He attended Harvard University with the hope and expectation of discovering a more intellectual and less conservative dimension of Catholicism but was disappointed. In his second year at Harvard, he entered psychoanalysis with a priest. He became obsessed with motion pictures and neglected his academic studies. Although he had been a prodigious writer in high school, he wrote almost nothing in college until his senior year, when he wrote (as a form of therapy for his feeling of religious guilt) a musical-comedy version of the life of Christ called The Greatest Musical Ever Sung, which included such irreverent show-tune lampoons as “The Dove That Done Me Wrong” and “Everything’s Coming up Moses.” The play stirred up a local religious controversy but was well received by audiences, encouraging the young playwright to write more. His next effort, the ambitiously titled The Nature and Purpose of the Universe, was eventually produced in New York and, following Durang’s graduation from Harvard in 1971, was submitted as part of his application to the Yale School of Drama.
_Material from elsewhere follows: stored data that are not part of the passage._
Lemma full_stage_minus_prefix G L c hi R rest : c <= hi -> R ++ rest = rev vs ->
  full_stage s t G L (predU (levels c hi) (partial_level (c - 1) R)) ->
  full_stage s t (minusL G (layer rest c)) (foldl (minus_labels s t) L (layer rest c))
    (predU (levels c hi) (partial_level (c - 1) (rev vs))).
Proof.
move=> hlo; have [uvs _ _] := hadm.
elim: rest R G L => [|v rest IH] R G L hR hG /=; first by rewrite cats0 in hR; rewrite -hR.
have vR : v \notin R.
  by move: uvs; rewrite -rev_uniq -hR cat_uniq /= negb_or => /and3P[_ /andP[]].
apply: IH (rcons R v) _ _ _ _; first by rewrite cat_rcons.
apply: full_stage_eq (full_stage_minus1 hG _ _ _ _) => [[n w]| | | |].
- rewrite -!topredE /= /levels /partial_level mem_rcons in_cons xpair_eqE /=.
  by case: (w == v); case: (w \in R); lia.
- by rewrite /= /levels /=; lia.
- by rewrite /= /levels /partial_level /= (negbTE vR) andbF orbF; lia.
- case=> [[n a] []] /=; rewrite /ZQsrc /ZQtgt /= /levels /partial_level /=.
    by case=> en _; lia.
  case=> en ea; rewrite (mem_prefix_index _ hR vR) -ea admissible_rev_index_lt en eqxx.
  by rewrite orbT.
- case=> [[n a] []] /=; rewrite /ZQsrc /ZQtgt /= /levels /partial_level /=.
    by case=> en _; rewrite negb_or; apply/andP; split; lia.
  case=> en ea; rewrite (mem_prefix_index _ hR vR) -ea.
  by rewrite ltnNge ltnW ?admissible_rev_index_lt // andbF orbF; lia.
Qed.

Lemma full_stage_minus_layer G L c hi : c <= hi -> full_stage s t G L (levels c hi) ->
  full_stage s t (minusL G (layer (rev vs) c))
    (foldl (minus_labels s t) L (layer (rev vs) c)) (levels (c - 1) hi).
Proof.
move=> hlo hG; have [_ allv _] := hadm.
apply: full_stage_eq (full_stage_minus_prefix (R := [::]) hlo erefl _) => [[n w]|].
  by rewrite -!topredE /= /levels /partial_level mem_rev allv andbT /=; lia.
by apply: full_stage_eq hG => y; rewrite -!topredE /= /partial_level in_nil andbF orbF.
Qed.
(* Let $n\geqslant1$. Every rainbow on $\{0,\dots,n\}$ of maximal size (among all rainbows on $\{0,\dots,n\}$) has exactly $\lfloor\frac{n+1}{2}\rfloor$ arcs.
   Context: An arc is a pair $\underline{x}\to\underline{y}$ of integers $0\leqslant x<y\leqslant n$, with weight $\binom{n}{x,\,y-x,\,n-y}=\frac{n!}{x!(y-x)!(n-y)!}$ (this is the number of subgroup inclusions $H\leqslant K$ in $C_{p_1\cdots p_n}$, $p_i$ distinct primes, with $|H|$ a product of $x$ of the primes and $|K|$ a product of $y$ of them). A rainbow on $\{0,\dots,n\}$ is a set of arcs $\{\underline{x_i}\to\underline{y_i}\}_{0\leqslant i\leqslant m}$ with $x_0<x_1<\dots<x_m<y_m<\dots<y_0$; its size is the sum of the weights of its arcs. *)

From mathcomp Require Import all_boot.
Set Implicit Arguments. Unset Strict Implicit. Unset Printing Implicit Defensive.

Definition rarc := (nat * nat)%type.

Definition arc_weight (n : nat) (a : rarc) : nat :=
  n`! %/ ((a.1)`! * (a.2 - a.1)`! * (n - a.2)`!).

Definition nested (a b : rarc) : bool := (a.1 < b.1) && (b.2 < a.2).

(* A rainbow on {0..n}: the arcs {x_i -> y_i}_{0<=i<=m} listed in order
   i = 0..m, with x_0 < ... < x_m < y_m < ... < y_0, all arcs in {0..n}
   (so 0 <= x_i < y_i <= n). *)
Definition is_rainbow (n : nat) (s : seq rarc) : bool :=
  [&& s != [::], sorted nested s & all (fun a => (a.1 < a.2) && (a.2 <= n)) s].

Definition rainbow_size (n : nat) (s : seq rarc) : nat :=
  \sum_(a <- s) arc_weight n a.

From mathcomp Require Import all_boot zify.
(* Let the type set be a disjoint union $\{1,\dots,V\}=\bigcup_\alpha V_\alpha$ of isomer classes, with internal energies $I_v$, parameters $\nu_v>0$ constant on each class $V_\alpha$, and $\beta>0$. Let $p_v>0$ and assume: (i) binary reaction base rates $b_{\hat\imath\hat\jmath}$, $\hat\imath=(v,w)$, $\hat\jmath=(v',w')$, satisfy $p_vp_wb_{\hat\imath\hat\jmath}=p_{v'}p_{w'}b_{\hat\jmath\hat\imath}$; (ii) unary reaction base rates $b_{vw}$, allowed only for $v,w$ in the same class, satisfy $p_vb_{vw}=p_wb_{wv}$; (iii) for every binary reaction $v,w\to v',w'$, $\nu_v+\nu_w=\nu_{v'}+\nu_{w'}$. With $f_v$, $f_{\hat\imath}$, $a_{vw}(U)$, $a_{\hat\imath\hat\jmath}(U)$ as in the context, set $$\pi_v=p_ve^{-\beta I_v}\beta^{-\nu_v}.$$ Then for every binary reaction $\hat\imath\to\hat\jmath$ and all $U>\max(I_{\hat\imath},I_{\hat\jmath})$, $$\pi_v\pi_wf_{\hat\imath}(U)a_{\hat\imath\hat\jmath}(U)=\pi_{v'}\pi_{w'}f_{\hat\jmath}(U)a_{\hat\jmath\hat\imath}(U),$$ and for every unary reaction $v\to w$ within a class and all $U>\max(I_v,I_w)$, $$\pi_vf_v(U)a_{vw}(U)=\pi_wf_w(U)a_{wv}(U).$$ That is, the factorized distribution with type weights $\pi_v$ and type-$v$ full-energy densities $f_v$ is a reversible invariant distribution for both binary and unary reactions.
   Context: For a type $v$, $f_v$ is the shifted Gamma density $f_v(U)=\frac{\beta^{\nu_v}}{\Gamma(\nu_v)}(U-I_v)^{\nu_v-1}e^{-\beta(U-I_v)}$ for $U>I_v$ and $0$ otherwise ($U$ = full energy = internal plus kinetic). For a pair $\hat\imath=(v,w)$, $I_{\hat\imath}=I_v+I_w$, $\nu_{\hat\imath}=\nu_v+\nu_w$, and $f_{\hat\imath}=f_v*f_w$ (convolution), the density of the pair's total full energy. Unary rates: $a_{vw}(U)=(U-I_w)^{\nu_w-1}b_{vw}$ if $U\ge I_w$, $0$ otherwise, where $U$ is the full energy of the molecule, which is conserved in the reaction. Binary rates: $a_{\hat\imath\hat\jmath}(U)=(U-I_{\hat\jmath})^{\nu_{\hat\jmath}-1}b_{\hat\imath\hat\jmath}$ if $U\ge I_{\hat\jmath}$, $0$ otherwise, where $U$ is the total full energy of the reacting pair, which is conserved in the reaction. *)

From Stdlib Require Import Reals Lra ClassicalEpsilon.
Open Scope R_scope.
(* Let $G$ be a finitely generated group with $\nabla G>0$, and let $A,B$ be finitely generated subgroups of infinite proindex in $G$. Then there exist finite index subgroups $A_0\le A$ and $B_0\le B$ such that $\langle A_0\cup B_0\rangle$ has infinite index in $G$.
   Context: For a group $U$, $d(U)$ denotes the minimal cardinality of a generating set of $U$. The rank gradient of a finitely generated group $G$ is $\nabla G=\inf_U \frac{d(U)-1}{[G:U]}$, where $U$ ranges over all finite index subgroups of $G$. The proindex of a subgroup $H$ in $G$ is the supremum of the indices $[G:U]$ over finite index subgroups $U$ of $G$ containing $H$. *)

From Stdlib Require Import Reals List Arith.
Open Scope R_scope.

Record Group := {
  carrier :> Type;
  gmul : carrier -> carrier -> carrier;
  gone : carrier;
  ginv : carrier -> carrier;
  gmul_assoc : forall x y z, gmul x (gmul y z) = gmul (gmul x y) z;
  gmul_1l : forall x, gmul gone x = x;
  gmul_Vl : forall x, gmul (ginv x) x = gone
}.

Section GroupDefs.
Variable G : Group.

Definition subset (A B : G -> Prop) : Prop := forall x, A x -> B x.

Definition is_subgroup (H : G -> Prop) : Prop :=
  H (gone G) /\
  (forall x y, H x -> H y -> H (gmul G x y)) /\
  (forall x, H x -> H (ginv G x)).

Definition generated (S : G -> Prop) : G -> Prop :=
  fun x => forall H, is_subgroup H -> subset S H -> H x.

(* U is generated by (a set of at most) n elements, given as a list of length n *)
Definition generated_by_n (U : G -> Prop) (n : nat) : Prop :=
  exists l : list G, length l = n /\
    forall x, U x <-> generated (fun y => In y l) x.

Definition finitely_generated (U : G -> Prop) : Prop :=
  exists n, generated_by_n U n.

Definition is_rank (U : G -> Prop) (n : nat) : Prop :=
  generated_by_n U n /\ forall m, generated_by_n U m -> (n <= m)%nat.

(* [A : U] = k, for U a subgroup contained in A: a list of k left-coset
   representatives in A, covering A, pairwise in distinct cosets. *)
Definition rel_index (A U : G -> Prop) (k : nat) : Prop :=
  exists l : list G, length l = k /\
    (forall g, In g l -> A g) /\
    (forall x, A x -> exists g, In g l /\ U (gmul G (ginv G g) x)) /\
    (forall i j, (i < k)%nat -> (j < k)%nat ->
        U (gmul G (ginv G (nth i l (gone G))) (nth j l (gone G))) -> i = j).

Definition full : G -> Prop := fun _ => True.

Definition index (U : G -> Prop) (k : nat) : Prop := rel_index full U k.

Definition finite_index (U : G -> Prop) : Prop := exists k, index U k.

(* nabla G > 0 : the infimum of (d(U)-1)/[G:U] over finite index subgroups U
   is positive, i.e. this set of reals has a positive lower bound. *)
Definition rank_gradient_pos : Prop :=
  exists eps : R, 0 < eps /\
    forall (U : G -> Prop) (k d : nat),
      is_subgroup U -> index U k -> is_rank U d ->
      eps <= (INR d - 1) / INR k.

(* infinite proindex: the indices [G:U] of finite index subgroups U
   containing H are unbounded (supremum is infinite). *)
Definition infinite_proindex (H : G -> Prop) : Prop :=
  forall N : nat, exists (U : G -> Prop) (k : nat),
    is_subgroup U /\ subset H U /\ index U k /\ (N <= k)%nat.

End GroupDefs.

Arguments subset {G}.
Arguments is_subgroup {G}.
Arguments generated {G}.
Arguments finitely_generated {G}.
Arguments rel_index {G}.
Arguments index {G}.
Arguments finite_index {G}.
Arguments full {G}.
Arguments infinite_proindex {G}.

From Stdlib Require Import Reals List Arith Lia Lra Classical ClassicalEpsilon.

(* Choose subgroups [UA ⊇ A] and [UB ⊇ B] of index at least K and put
   [A0 = A ∩ UB], [B0 = B ∩ UA].  Then [V = <A0 ∪ B0>] lies in [UA ∩ UB] and
   meets A in A0, so [[G:V] >= [G:UA][A:A0] >= K [A:A0]], and likewise for B.
   Schreier's lemma bounds [d(A0) <= 1 + [A:A0] d(A)], hence
   [d(V) <= d(A0) + d(B0) <= (d(A) + d(B) + 2) [G:V] / K].  If V had finite
   index, the rank gradient bound [eps [G:V] <= d(V) - 1] would fail for K
   larger than [(d(A) + d(B) + 2) / eps]. *)

Open Scope nat_scope.

Lemma NoDup_list_prod (X Y : Type) (l : list X) (l' : list Y) :
  NoDup l -> NoDup l' -> NoDup (list_prod l l').
Proof.
  intros ndl ndl'. induction ndl as [|x l xl ndl IH]; simpl; [constructor|].
  apply NoDup_app; auto.
  - apply NoDup_map_NoDup_ForallPairs; auto. intros y y' _ _ e. congruence.
  - intros p hp hp'. apply in_map_iff in hp as [y [<- _]].
    apply in_prod_iff in hp' as [hx _]. contradiction.
Qed.

Lemma exists_least_nat (P : nat -> Prop) n :
  P n -> exists d, P d /\ forall m, P m -> d <= m.
Proof.
  intros hn.
  destruct (dec_inh_nat_subset_has_unique_least_element P (fun k => classic (P k)))
    as [d [hd _]]; eauto.
Qed.

Section GroupTheory.
Variable G : Group.
Local Notation "x * y" := (gmul G x y).
Local Notation "x ^-1" := (ginv G x) (at level 2).
Local Notation one := (gone G).

Lemma mulgA x y z : x * (y * z) = x * y * z. Proof. exact (gmul_assoc G x y z). Qed.
Lemma mul1g x : one * x = x. Proof. exact (gmul_1l G x). Qed.
Lemma mulVg x : x^-1 * x = one. Proof. exact (gmul_Vl G x). Qed.

Lemma mulKg x y : x^-1 * (x * y) = y.
Proof. rewrite mulgA, mulVg, mul1g; reflexivity. Qed.

Lemma mulgI x y z : x * y = x * z -> y = z.
Proof. intros e. rewrite <- (mulKg x y), <- (mulKg x z), e; reflexivity. Qed.

Lemma mulgV x : x * x^-1 = one.
Proof.
  assert (idem : (x * x^-1) * (x * x^-1) = x * x^-1).
  { rewrite <- mulgA, (mulgA (x^-1)), mulVg, mul1g; reflexivity. }
  rewrite <- (mulKg (x * x^-1) (x * x^-1)), idem, mulVg; reflexivity.
Qed.

Lemma mulg1 x : x * one = x.
Proof. rewrite <- (mulVg x), mulgA, mulgV, mul1g; reflexivity. Qed.

Lemma mulKVg x y : x * (x^-1 * y) = y.
Proof. rewrite mulgA, mulgV, mul1g; reflexivity. Qed.

Lemma invgK x : (x^-1)^-1 = x.
Proof. apply (mulgI (x^-1)). rewrite mulgV, mulVg; reflexivity. Qed.

Lemma invMg x y : (x * y)^-1 = y^-1 * x^-1.
Proof.
  apply (mulgI (x * y)).
  rewrite mulgV, mulgA, <- (mulgA x y), mulgV, mulg1, mulgV; reflexivity.
Qed.

Section Subgroup.
Variable H : G -> Prop.
Hypothesis subH : is_subgroup H.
At Yale, Durang met and worked with a number of actors and playwrights who were, along with him, to make their marks in the American theater. Among his classmates were Albert Innaurato (with whom Durang collaborated on several plays), Meryl Streep (who appeared in a Durang play in college), Wendy Wasserstein (with whom Durang wrote When Dinah Shore Ruled the Earth), and Sigourney Weaver (who appeared in several Durang plays in New York and with whom he wrote Das Lusitania Songspiel). His chief supporter at Yale and later in New York was Robert Brustein, who was dean of the drama school while Durang was enrolled there and artistic director of the Yale Repertory Theater. Durang received his M.F.A. in 1974 but remained in New Haven for an extra year, performing and writing at Yale, teaching drama at the Southern Connecticut College in New Haven, and working as a typist at the medical school.

Durang moved to New York in 1975. Titanic, which he wrote for a class at Yale, and The Nature and Purpose of the Universe were produced in Off-Broadway theaters. In 1976, his musical play A History of the American Film was produced in Waterford, Connecticut, as part of the Eugene O’Neill Playwrights Conference, and in 1977 it was produced simultaneously on both coasts at the Hartford Stage Company in Connecticut, the Mark Taper Forum in Los Angeles, California, and the Arena Stage in Washington, D.C. In 1978, the play opened on Broadway at the American National Theatre. The play’s subsequent failure on Broadway...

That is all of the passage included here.